Task to carry out:
When the line containing "- by rewrite -[pair b a](@divfK _ 2) ?half ?mul1r" is reached, include it and end there; set down verbatim every line before it, starting at the top of the records.

══════════════════════════════

Lemma sum_floor_pair_posroots_even a : a \in posroots ->
  (2 %| \sum_(b <- posroots) Num.floor (pair b a))%Z.
Proof.
rewrite mem_posroots => /andP[aR _]; have a0 := root_neq0 aR.
pose f b := sgnabs (refl a *m b).
have fE b : f b = refl a *m b \/ f b = - (refl a *m b).
  by rewrite /f /sgnabs; case: ifP; [left | right].
apply: (@sum_involution_even _ f).
- exact/filter_uniq/roots_uniq.
- by move=> b; rewrite mem_posroots => /andP[bR _]; apply/sgnabs_posroot/roots_refl.
- move=> b; rewrite mem_posroots => /andP[bR bpos].
  by case: (fE b) => ->; rewrite /f ?mulmxN reflK // /sgnabs ?is_posN // bpos ?opprK.
- move=> b; rewrite mem_posroots => /andP[bR _].
  case: (fE b) => ->; rewrite ?pairNl pair_refl // ?opprK.
    by rewrite -(floor_pair_root aR bR) -rmorphN /= !intrKfloor addrN dvdz0.
  by apply/dvdzP; exists (Num.floor (pair b a)); rewrite mulr_natr mulr2n.
- move=> b; rewrite mem_posroots => /andP[bR _].
  case: (fE b) => -> fixed.
    by rewrite (refl_fixed a0 fixed) (intrKfloor 0) dvdz0.
  have bE : b = (pair b a / 2) *: a.
    by apply: refl_flipped; apply: oppr_inj; rewrite opprK.
  have := @roots_reduced _ _ rs a (pair b a / 2) aR; rewrite -bE => /(_ bR) [] half.
  - by rewrite -[pair b a](@divfK _ 2) ?half ?mul1r ?pnatr_eq0 // (intrKfloor 2).
  - by rewrite -[pair b a](@divfK _ 2) ?half ?mulN1r ?pnatr_eq0 // (intrKfloor (-2)).
Qed.

Lemma pair_rho_is_int a : a \in posroots -> is_int (pair (rho rs v) a).
Proof.
move=> aP; have := aP; rewrite mem_posroots => /andP[aR _].
case/dvdzP: (sum_floor_pair_posroots_even aP) => q qE; exists q.
rewrite /rho pairZl pair_suml.
have -> : \sum_(b <- posroots) pair b a = (\sum_(b <- posroots) Num.floor (pair b a))%:~R.
  rewrite rmorph_sum; apply: eq_big_seq => b; rewrite mem_posroots => /andP[bR _].
  exact/esym/floor_pair_root.
by rewrite qE rmorphM /= mulrC -mulrA mulfV ?mulr1 // (intr_eq0 R 2).
Qed.

End Roots.

Section QuantumBruhatGraph.
Variables (R : realType) (n : nat) (rs : rootSystem R n) (v : 'cV[R]_n).
Hypothesis v_regular : forall a, a \in rs_roots rs -> dot a v != 0.
Implicit Types (x y : 'M[R]_n) (gs : seq 'cV[R]_n).
Local Notation len := (len rs v).
Local Notation qbg_walk := (qbg_walk rs v).
Local Notation qbg_dist := (qbg_dist rs v).

Lemma len_qbg_edge x a y : qbg_edge rs v x a y -> len y = (len x).+1 %[mod 2].
Proof.
case/and3P => aP _ /orP[/eqP -> // | /eqP quantum].
have [k kE] := pair_rho_is_int v_regular aP.
have yE : Posz (len y) = (- k) * 2 + Posz (len x).+1.
  apply: (@intr_inj R); rewrite rmorphD rmorphM rmorphN /= -!pmulrn quantum kE; ring.
by apply/eqP; rewrite -eqz_nat -!modz_nat yE modzMDl.
Qed.

Lemma qbg_walk_cat x (s1 s2 : seq 'cV[R]_n) :
  qbg_walk x (s1 ++ s2) = qbg_walk x s1 && qbg_walk (walk_end x s1) s2.
Proof. by elim: s1 x => [|g s1 IH] x //=; rewrite IH andbA. Qed.

Lemma walk_end_cat x (s1 s2 : seq 'cV[R]_n) :
  walk_end x (s1 ++ s2) = walk_end (walk_end x s1) s2.
Proof. exact: foldl_cat. Qed.

Lemma len_walk_end x gs :
  qbg_walk x gs -> len (walk_end x gs) = len x + size gs %[mod 2].
Proof.
elim: gs x => [|g gs IH] x; first by rewrite addn0.
have -> : walk_end x (g :: gs) = walk_end (x *m refl g) gs by [].
case/andP => /len_qbg_edge edge /IH ->.
by rewrite -modnDml edge modnDml addSnnS.
Qed.

Lemma qbg_walk_posroots x gs : qbg_walk x gs -> all (mem (posroots rs v)) gs.
Proof. by elim: gs x => //= g gs IH x /andP[/and3P[-> _ _] /IH]. Qed.

Lemma mem_seqs_len gs : all (mem (posroots rs v)) gs -> gs \in seqs_len rs v (size gs).
Proof.
elim: gs => [|g gs IH] /=; first by rewrite inE.
by case/andP => gP /IH gsP; apply/allpairsP; exists (g, gs).
Qed.
Lemma selection_count (m n p : 'I_N -> nat) k :
  (forall i, p i <= 2 * (a i - 2)) -> (forall i, m i * a i = p i + n i + 2) ->
  \sum_(i < N) m i = N + k - 1 -> \sum_(i < N) n i <= k -> 1 < k ->
  exists j, [/\ k = 2, n j = 2, p j = 2 * (a j - 2) &
                forall i, i != j -> n i = 0 /\ p i = a i - 2].
Proof.
move=> p_le m_eq sum_m sum_n k_gt1.
have m_bnd i : 0 < m i <= n i + 1.
  by have := m_eq i; have := p_le i; have := a_gt2 i; nia.
have m_ge2 i : 1 < m i -> m i <= n i.
  by have := m_eq i; have := p_le i; have := a_gt2 i; nia.
(* [d i] is the slack in [m i <= n i + 1]; its total is at most one. *)
pose d i := n i + 1 - m i.
have sum_md : \sum_(i < N) m i + \sum_(i < N) d i = \sum_(i < N) n i + N.
  rewrite -big_split /= (eq_bigr (fun i => n i + 1)) => [|i _]; last first.
    by rewrite /d; have := m_bnd i; lia.
  by rewrite big_split /= sum1_card card_ord.
have [j m_j] : exists j, 1 < m j.
  apply/existsP; apply: contraT; rewrite negb_exists => /forallP m_le1.
  have : \sum_(i < N) m i <= \sum_(i < N) 1.
    by apply: leq_sum => i _; have := m_le1 i; lia.
  by rewrite sum1_card card_ord sum_m; lia.
have d_j : 0 < d j by rewrite /d; have := m_ge2 j m_j; lia.
move: sum_md; rewrite [\sum_(i < N) d i](bigD1 j) //= sum_m.
set sn := \sum_(i < N) n i in sum_n *; set D := \sum_(i < N | i != j) d i => sum_md.
have D0 : D = 0 by lia.
have other i : i != j -> n i = 0 /\ m i = 1.
  move=> ne_ij; move/eqP: D0; rewrite sum_nat_eq0 => /forallP /(_ i).
  rewrite ne_ij /d /= => /eqP d_i.
  by have := m_bnd i; case: (leqP 2 (m i)) => [/m_ge2|]; lia.
have n_j : n j = sn.
  by rewrite /sn (bigD1 j) //= big1 ?addn0 // => i /other[].
have [k2 nj2] : k = 2 /\ n j = 2.
  by have := m_eq j; have := p_le j; have := a_gt2 j; rewrite /d in d_j sum_md; nia.
exists j; split=> // [|i ne_ij].
  by have := m_eq j; have := p_le j; rewrite /d in d_j sum_md; nia.
by have [n_i m_i] := other i ne_ij; split=> //; have := m_eq i; rewrite m_i n_i; lia.
Qed.
(** Diagonal extraction makes [(w n | u k)] converge for every
    [k]; the limit is a bounded linear functional on the closed span [M] of
    [u], represented by some [x] in [M] (Riesz); finally an arbitrary [z] is
    replaced by its projection onto [M], again given by Riesz. *)
Theorem weak_compact {H : Hilbert} (u : nat -> H) (B : R) :
  (forall n, nsq (u n) <= B) ->
  exists s xs, subseq_idx s /\ weak_cv (fun n => u (s n)) xs.
Proof.
  intro HB.
  destruct (diagonal_extraction (fun k n => hinner (u n) (u k))) as [s [Hs Hcv]].
  { intro k. exists (Rabs B). intro n. apply Rsqr_le_abs_0. unfold Rsqr.
    pose proof (inner_bound (u n) (u k) B (HB n)). pose proof (nsq_pos (u k)).
    specialize (HB k). nra. }
  set (w := fun n => u (s n)).
  assert (Hw : forall n, nsq (w n) <= B) by (intro; apply HB).
  set (M := closed_span u).
  pose proof (inner_cv_closed_span u w B Hw Hcv) as Mcv.
  destruct (choice (fun v L => M v -> Un_cv (fun n => hinner (w n) v) L)) as [F HF].
  { intro v. destruct (classic (M v)) as [Mv|Mv].
    - destruct (Mcv v Mv) as [L HL]. exists L. auto.
    - exists 0. tauto. }
  assert (M0 : M hzero) by (apply span_closed_span; constructor).
  pose proof (closed_span_add u) as Madd. pose proof (closed_span_scal u) as Mscal.
  pose proof (closed_span_closed u) as Mclosed.
  destruct (riesz_subspace M F B M0 Madd Mscal Mclosed) as [x [Mx Hx]].
  { intros a b Ma Mb. apply (UL_sequence (fun n => hinner (w n) (hadd a b))); [apply HF, Madd; auto|].
    apply (cv_ext (fun n => hinner (w n) a + hinner (w n) b));
      [intro; symmetry; apply hinner_add_r| apply CV_plus; auto]. }
  { intros t a Ma. apply (UL_sequence (fun n => hinner (w n) (hscal t a))); [apply HF, Mscal; auto|].
    apply (cv_ext (fun n => t * hinner (w n) a));
      [intro; symmetry; apply hinner_scal_r| apply CV_mult; auto; apply cv_const]. }
  { pose proof (nsq_pos (u O)). specialize (HB O). lra. }
  { intros a Ma. apply (Rle_cv_lim (Un := fun n => hinner (w n) a * hinner (w n) a)
                                   (Vn := fun _ => B * nsq a)).
    - intro n. apply inner_bound, Hw.
    - apply CV_mult; auto.
    - apply cv_const. }
  exists s, x. split; [exact Hs|]. intro z.
  destruct (riesz_subspace M (hinner z) (nsq z) M0 Madd Mscal Mclosed) as [p [Mp Hp]].
  { intros; apply hinner_add_r. }
  { intros; apply hinner_scal_r. }
  { apply nsq_pos. }
  { intros a _. apply cauchy_schwarz. }
  (* [p] is the projection of [z] onto [M]: it has the same inner products with [M] *)
  assert (Ew : forall n, hinner (w n) p = hinner (u (s n)) z).
  { intro n. rewrite hinner_sym, Hp by exact (span_closed_span u _ (span_term u (s n))). apply hinner_sym. }
  apply (cv_ext _ _ _ Ew).
  replace (hinner x z) with (F p) by (rewrite <- (Hx p Mp), hinner_sym, (Hp x Mx); apply hinner_sym).
  apply HF, Mp.
Qed.
(* Let $\mathfrak{X}=\mathfrak{X}_{(\Gamma_q,i_q)_q}$ be a Bourgain–Delbaen space, let $\Gamma'$ be a self-determined subset of $\Gamma$, let $\mathfrak{X}'=\mathfrak{X}_{(\Gamma'_{q_s},i'_{q_s})_s}$ be the Bourgain–Delbaen space determined by $\Gamma'$ (as described in the context), and let $Y$ be the closed linear span of $\{d_\gamma:\gamma\in\Gamma\setminus\Gamma'\}$. Then the restriction map $R:\ell_\infty(\Gamma)\to\ell_\infty(\Gamma')$ maps $\mathfrak{X}$ onto $\mathfrak{X}'$ and the kernel of $R|_{\mathfrak{X}}$ is $Y$. Hence $\mathfrak{X}/Y$ is isomorphic to $\mathfrak{X}'$.
   Context: Bourgain–Delbaen spaces: given a strictly increasing sequence $(\Gamma_q)_q$ of non-empty finite sets with union $\Gamma$ and linear extension operators $i_q:\ell_\infty(\Gamma_q)\to\ell_\infty(\Gamma)$ ($i_q(x)|_{\Gamma_q}=x$) with $\sup_q\|i_q\|<\infty$ that are compatible (for $p<q$, $i_p=i_q\circ r_q\circ i_p$, with $r_q$ restriction onto $\Gamma_q$), set $\Delta_1=\Gamma_1$, $\Delta_{q+1}=\Gamma_{q+1}\setminus\Gamma_q$, $d_\gamma=i_q(e_\gamma)$ for $\gamma\in\Delta_q$; $\mathfrak{X}_{(\Gamma_q,i_q)_q}$ is the closed span of $\{d_\gamma\}$ in $\ell_\infty(\Gamma)$. $e_\gamma^*$ denotes evaluation at $\gamma$ restricted to the space, $(d_\gamma^* )$ the functionals biorthogonal to $(d_\gamma)$. An infinite subset $\Gamma'\subseteq\Gamma$ is self-determined if each $d_\gamma^*$, $\gamma\in\Gamma'$, lies in the linear span of $\{e_\eta^*:\eta\in\Gamma'\}$. For such $\Gamma'$: write $\{q:\Gamma'\cap\Delta_q\neq\varnothing\}=\{q_0<q_1<\cdots\}$, $\Gamma'_q=\Gamma'\cap\Gamma_q$, $R$ = restriction onto $\Gamma'$, and $i'_{q_s}:\ell_\infty(\Gamma'_{q_s})\to\ell_\infty(\Gamma')$, $i'_{q_s}(x)=R(i_{q_s}(x))$ ($x$ extended by zero to $\Gamma_{q_s}$). The sequence $(i'_{q_s})_s$ is a uniformly bounded compatible sequence of extension operators, so it defines the Bourgain–Delbaen space $\mathfrak{X}_{(\Gamma'_{q_s},i'_{q_s})_s}\subseteq\ell_\infty(\Gamma')$. *)

From mathcomp Require Import all_boot all_order all_algebra.
From mathcomp Require Import all_classical all_reals.
Set Implicit Arguments. Unset Strict Implicit. Unset Printing Implicit Defensive.
Import Order.TTheory GRing.Theory Num.Theory.
Local Open Scope classical_set_scope.
Local Open Scope ring_scope.

Section BD.
Variables (R : realType) (T : Type).

(* extension by zero of f from D to T; also used for restriction operators *)
Definition zext (D : set T) (f : T -> R) : T -> R :=
  fun t => if t \in D then f t else 0.

Definition evec (g : T) : T -> R := fun t => if t \in [set g] then 1 else 0.

Definition normle (f : T -> R) (M : R) : Prop := forall t, `|f t| <= M.

Definition normle_on (D : set T) (f : T -> R) (M : R) : Prop :=
  forall t, D t -> `|f t| <= M.

Definition Delta (Gam : nat -> set T) (q : nat) : set T :=
  match q with
  | 0 => Gam 0
  | q'.+1 => Gam q'.+1 `\` Gam q'
  end.

(* w is one of the vectors d_gamma = i_q(e_gamma), gamma in Delta_q, with
   gamma in P *)
Definition is_d (Gam : nat -> set T) (ext : nat -> (T -> R) -> (T -> R))
  (P : set T) (w : T -> R) : Prop :=
  exists g q, P g /\ Delta Gam q g /\ w = ext q (evec g).

Definition in_span Gam ext (P : set T) (v : T -> R) : Prop :=
  exists (n : nat) (a : 'I_n -> R) (w : 'I_n -> T -> R),
    (forall i, is_d Gam ext P (w i)) /\
    v = fun t => \sum_(i < n) a i * w i t.

Definition closed_span Gam ext (P : set T) (x : T -> R) : Prop :=
  forall e : R, 0 < e -> exists v, in_span Gam ext P v /\ normle (x \- v) e.

Definition BDspace Gam ext : set (T -> R) := closed_span Gam ext setT.

(* An operator i_q : l_inf(Gamma_q) -> l_inf(Gamma) is encoded as a
   map (T -> R) -> (T -> R) depending only on the values on Gamma_q. *)
Definition BD_datum (Gam : nat -> set T) (ext : nat -> (T -> R) -> (T -> R))
  : Prop :=
  (forall q, finite_set (Gam q) /\ Gam q !=set0) /\
      (forall q, Gam q `<` Gam q.+1) /\
      \bigcup_q Gam q = setT /\
      (forall q x, ext q x = ext q (zext (Gam q) x)) /\
      (forall q (a : R) x y, ext q (fun t => a * x t + y t) =
                             (fun t => a * ext q x t + ext q y t)) /\
      (forall q x t, Gam q t -> ext q x t = x t) /\
      (exists C : R, forall q x M, normle_on (Gam q) x M ->
                        normle (ext q x) (C * M)) /\
      (forall p q x, (p < q)%N -> ext p x = ext q (zext (Gam q) (ext p x))).

Definition is_dstar Gam ext (g : T) (f : (T -> R) -> R) : Prop :=
  [/\ (forall (a : R) x y, BDspace Gam ext x -> BDspace Gam ext y ->
         f (fun t => a * x t + y t) = a * f x + f y),
      (exists C : R, forall x M, BDspace Gam ext x -> normle x M ->
         `|f x| <= C * M) &
      (forall q eta, Delta Gam q eta ->
         f (ext q (evec eta)) = if eta \in [set g] then 1 else 0)].

Definition self_determined Gam ext (G' : set T) : Prop :=
  infinite_set G' /\
  forall g, G' g -> exists f, is_dstar Gam ext g f /\
    exists (n : nat) (a : 'I_n -> R) (eta : 'I_n -> T),
      (forall i, G' (eta i)) /\
      forall x, BDspace Gam ext x -> f x = \sum_(i < n) a i * x (eta i).

Definition enumerates_q (Gam : nat -> set T) (G' : set T) (qs : nat -> nat)
  : Prop :=
  (forall s, (qs s < qs s.+1)%N) /\
  (forall q, (exists g, G' g /\ Delta Gam q g) <-> exists s, qs s = q).

Definition Gam' (Gam : nat -> set T) (G' : set T) (qs : nat -> nat) :
  nat -> set T := fun s => G' `&` Gam (qs s).

(* i'_{q_s}(x) = R(i_{q_s}(x extended by zero to Gamma_{q_s})); elements of
   l_inf(Gamma') are encoded as functions on T vanishing off Gamma'. *)
Definition ext' (ext : nat -> (T -> R) -> (T -> R)) (Gam : nat -> set T)
  (G' : set T) (qs : nat -> nat) : nat -> (T -> R) -> (T -> R) :=
  fun s x => zext G' (ext (qs s) (zext (Gam' Gam G' qs s) x)).

End BD.

From mathcomp Require Import all_boot all_order all_algebra.
From mathcomp Require Import all_classical all_reals.
From mathcomp Require Import ring lra.
Set Implicit Arguments.
Unset Strict Implicit.
Unset Printing Implicit Defensive.
Import Order.TTheory GRing.Theory Num.Theory.
Local Open Scope classical_set_scope.
Local Open Scope ring_scope.

(** The functional [d_g^*] is [h |-> h g - i_(q-1)(h|Gamma_(q-1)) g] for [g]
    in [Delta_q], and self-determination says that for [g] in [Gamma'] it only
    reads coordinates in [Gamma'].  Hence, by induction on levels, every [d_g]
    with [g] outside [Gamma'] vanishes on [Gamma']: [R] kills [Y] and sends the
    remaining [d_g] to the basis vectors of [X'].  Conversely, if [v] is spanned
    by the [d_g] of level at most [q], then
    [v = i_q(v 1_Gamma') + i_q(v 1_(Gamma \ Gamma'))], and the second summand
    lies in [Y] because its [d_u^*]-coefficients with [u] in [Gamma'] only read
    coordinates where it vanishes.  So [i_q(v 1_Gamma')] is a lift of [R v] of
    norm at most [C |R v|], congruent to [v] modulo [Y].  Lifting the increments
    of a fast approximating sequence gives surjectivity, and the same lifts give
    the kernel and the bound on the quotient norm. *)

Section Generic.
Variables (R : realType) (T : Type).
Implicit Types (D : set T) (f h : T -> R) (g : T).

Lemma zext_in D f t : D t -> zext D f t = f t.
Proof. by move=> Dt; rewrite /zext mem_set. Qed.

Lemma zext_out D f t : ~ D t -> zext D f t = 0.
Proof. by move=> Dt; rewrite /zext memNset. Qed.

Lemma zext0 D : zext D (fun=> 0) = (fun=> 0) :> (T -> R).
Proof. by apply/funext => t; rewrite /zext; case: ifP. Qed.

Lemma zext_lin D a f h :
  zext D (fun t => a * f t + h t) = fun t => a * zext D f t + zext D h t.
Proof. by apply/funext => t; rewrite /zext; case: ifP; rewrite ?mulr0 ?addr0. Qed.

Lemma zextD D f h : zext D (f \+ h) = zext D f \+ zext D h.
Proof. by apply/funext => t; rewrite /zext /=; case: ifP; rewrite ?addr0. Qed.

Lemma zextB D f h : zext D (f \- h) = zext D f \- zext D h.
Proof. by apply/funext => t; rewrite /zext /=; case: ifP; rewrite ?subr0. Qed.

Lemma zext_split D f : zext D f \+ zext (~` D) f = f.
Proof.
apply/funext => t /=; have [Dt | nDt] := pselect (D t).
  by rewrite zext_in // zext_out ?addr0.
by rewrite zext_out // zext_in ?add0r.
Qed.

Lemma normle_zext D f M : normle f M -> normle (zext D f) M.
Proof.
move=> fM t; rewrite /zext; case: ifP => _; first exact: fM.
by rewrite normr0; apply: le_trans (fM t).
Qed.

Lemma evec_id g : evec R g g = 1.
Proof. by rewrite /evec mem_set. Qed.

Lemma evec_neq g t : t <> g -> evec R g t = 0.
Proof. by move=> tg; rewrite /evec memNset. Qed.

Lemma evecC g t : evec R g t = evec R t g.
Proof.
have [-> // | tg] := pselect (t = g).
by rewrite !evec_neq // => gt; apply: tg.
Qed.

End Generic.

Section RealLimits.
Variable R : realType.

Lemma eq0_norm_le (r : R) : (forall e, 0 < e -> `|r| <= e) -> r = 0.
Proof.
move=> small; apply/eqP; rewrite -normr_le0; apply/ler_addgt0Pr => e e0.
by rewrite add0r; exact: small.
Qed.

Lemma pow2N_gt0 n : 0 < (2 : R) ^- n.
Proof. by rewrite invr_gt0 exprn_gt0. Qed.

Lemma pow2NS n : (2 : R) ^- n.+1 = 2 ^- n / 2.
Proof. by rewrite exprS invfM mulrC. Qed.

Lemma pow2N_small (K e : R) : 0 < e -> exists n, K * 2 ^- n <= e.
Proof.
move=> e0; have K1 : 0 < `|K| + 1 by rewrite ltr_wpDl.
pose n := Num.bound ((`|K| + 1) / e).
have n_gt : (`|K| + 1) / e < 2 ^+ n.
  apply: lt_le_trans (archi_boundP _) _; first by rewrite ltW ?divr_gt0.
  by rewrite -natrX ler_nat ltnW // ltn_expl.
exists n; have p0 := pow2N_gt0 n.
apply: (@le_trans _ _ ((`|K| + 1) * 2 ^- n)).
  by rewrite ler_pM2r //; apply: le_trans (ler_norm K) _; rewrite lerDl.
rewrite ler_pdivrMr ?exprn_gt0 // mulrC; rewrite ltr_pdivrMr // in n_gt.
exact: ltW.
Qed.
(* Let $H$ be a finite simple graph on $n$ vertices, and let $KH_1,KH_2,\ldots,KH_s$ be the replication cliques of $H$ (in some chosen order), of sizes $y_1,\ldots,y_s\ge 1$. For $i=1,\ldots,s$ let $n_i$ denote the number of non-edges between a (any) vertex of $KH_i$ and the vertices of $KH_1\cup\cdots\cup KH_{i-1}$. Then $$\rho(H) \leq n+ \sum_{i=1}^s n_i.$$ Moreover, among all orderings of the replication cliques, the right-hand side is smallest when the ordering satisfies $y_1 \le y_2 \le \cdots \le y_s$.
   Context: All graphs are finite and simple. A coloring means a proper vertex coloring; an induced subgraph is rainbow if all its vertices have pairwise different colors. For a graph $H$, $\rho(H)$ is the least number $m$ such that there exists a graph $G$ on $m$ vertices such that every proper vertex coloring of $G$ contains a rainbow induced subgraph isomorphic to $H$. On $V(H)$ define $x\sim y$ iff $x=y$, or $xy$ is an edge of $H$ and $x,y$ have exactly the same neighbors in $H-\{x,y\}$; this is an equivalence relation whose classes are cliques, called the replication cliques of $H$. Since vertices in one replication clique have the same neighbors outside it, $n_i$ does not depend on the choice of vertex in $KH_i$. A non-edge is a pair of distinct non-adjacent vertices. *)

From mathcomp Require Import all_boot.
Set Implicit Arguments. Unset Strict Implicit. Unset Printing Implicit Defensive.

Definition simple_graph (V : finType) (e : rel V) : Prop :=
  symmetric e /\ irreflexive e.

Definition proper_coloring (V : finType) (e : rel V) (c : V -> nat) : Prop :=
  forall u v, e u v -> c u <> c v.

(* Every proper coloring of G contains a rainbow induced subgraph isomorphic to H:
   an injective f : V(H) -> V(G) which is an induced embedding (preserves
   adjacency and non-adjacency) and whose image gets pairwise distinct colors. *)
Definition rainbow_forcing (T : finType) (e : rel T) (V : finType) (eG : rel V) : Prop :=
  forall c : V -> nat, proper_coloring eG c ->
    exists f : T -> V,
      injective f /\ (forall x y, eG (f x) (f y) = e x y) /\ injective (fun x => c (f x)).

(* "rho(H) <= N": since rho(H) is the LEAST m for which a graph G on m vertices
   with the forcing property exists, rho(H) <= N iff such a graph exists on some
   m <= N vertices. *)
Definition rho_le (T : finType) (e : rel T) (N : nat) : Prop :=
  exists m, m <= N /\
    exists eG : rel 'I_m, simple_graph eG /\ rainbow_forcing e eG.

Definition repl (T : finType) (e : rel T) (x y : T) : bool :=
  (x == y) || (e x y && [forall z, ((z != x) && (z != y)) ==> (e x z == e y z)]).

Definition repl_class (T : finType) (e : rel T) (x : T) : {set T} :=
  [set y | repl e x y].

Definition repl_ordering (T : finType) (e : rel T) (cl : seq {set T}) : Prop :=
  uniq cl /\ (forall A, A \in cl <-> exists x, A = repl_class e x).

(* n_i (i is 0-based here): number of non-edges between a vertex x of KH_i
   (the one picked by [pick]) and the vertices of the earlier cliques. *)
Definition n_i (T : finType) (e : rel T) (cl : seq {set T}) (i : nat) : nat :=
  match [pick x in nth set0 cl i] with
  | Some x => #|[set z in \bigcup_(j < i) nth set0 cl j | (z != x) && ~~ e x z]|
  | None => 0
  end.

Definition n_sum (T : finType) (e : rel T) (cl : seq {set T}) : nat :=
  \sum_(i < size cl) n_i e cl i.

From mathcomp Require Import all_boot.
Set Implicit Arguments. Unset Strict Implicit. Unset Printing Implicit Defensive.

(* Blow each replication clique KH_i of H up to a clique of y_i + n_i vertices,
   keeping the adjacencies between cliques; this graph G has n + sum n_i
   vertices.  Given a proper colouring of G, embed KH_1, KH_2, ... in turn into
   their blocks.  A block is a clique, hence rainbow; the n_i earlier vertices
   non-adjacent to KH_i block at most n_i of its colours, so y_i vertices with
   fresh colours remain, and earlier vertices adjacent to KH_i are adjacent to
   the whole block, so they differ in colour anyway.
   For the optimality, n_i = sum of |KH_j| over the earlier cliques KH_j
   anticomplete to KH_i.  Always |KH_j| >= min(|KH_j|, |KH_i|), with equality
   for every pair when the sizes are sorted, and the sum of the symmetric weight
   min(|C|,|A|) [C, A anticomplete] over ordered pairs is half the sum over all
   pairs, whatever the order. *)

Lemma inj_in_of_leq_card (U V : finType) (v0 : V) (A : {set U}) (S : {set V}) :
  #|A| <= #|S| -> exists2 h : U -> V, {in A, forall x, h x \in S} & {in A &, injective h}.
Proof.
move=> AS; pose h x := nth v0 (enum S) (index x (enum A)).
have idx_lt x : x \in A -> index x (enum A) < size (enum S).
  by move=> Ax; rewrite -cardE (leq_trans _ AS) // cardE index_mem mem_enum.
exists h => [x Ax | x w Ax Aw /eqP]; first by rewrite -mem_enum mem_nth ?idx_lt.
rewrite nth_uniq ?enum_uniq ?idx_lt // => /eqP E.
by rewrite -[x](nth_index x (s := enum A)) ?mem_enum // E nth_index ?mem_enum.
Qed.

══════════════════════════════

Answer box:
Lemma sum_floor_pair_posroots_even a : a \in posroots ->
  (2 %| \sum_(b <- posroots) Num.floor (pair b a))%Z.
Proof.
rewrite mem_posroots => /andP[aR _]; have a0 := root_neq0 aR.
pose f b := sgnabs (refl a *m b).
have fE b : f b = refl a *m b \/ f b = - (refl a *m b).
  by rewrite /f /sgnabs; case: ifP; [left | right].
apply: (@sum_involution_even _ f).
- exact/filter_uniq/roots_uniq.
- by move=> b; rewrite mem_posroots => /andP[bR _]; apply/sgnabs_posroot/roots_refl.
- move=> b; rewrite mem_posroots => /andP[bR bpos].
  by case: (fE b) => ->; rewrite /f ?mulmxN reflK // /sgnabs ?is_posN // bpos ?opprK.
- move=> b; rewrite mem_posroots => /andP[bR _].
  case: (fE b) => ->; rewrite ?pairNl pair_refl // ?opprK.
    by rewrite -(floor_pair_root aR bR) -rmorphN /= !intrKfloor addrN dvdz0.
  by apply/dvdzP; exists (Num.floor (pair b a)); rewrite mulr_natr mulr2n.
- move=> b; rewrite mem_posroots => /andP[bR _].
  case: (fE b) => -> fixed.
    by rewrite (refl_fixed a0 fixed) (intrKfloor 0) dvdz0.
  have bE : b = (pair b a / 2) *: a.
    by apply: refl_flipped; apply: oppr_inj; rewrite opprK.
  have := @roots_reduced _ _ rs a (pair b a / 2) aR; rewrite -bE => /(_ bR) [] half.
  - by rewrite -[pair b a](@divfK _ 2) ?half ?mul1r ?pnatr_eq0 // (intrKfloor 2).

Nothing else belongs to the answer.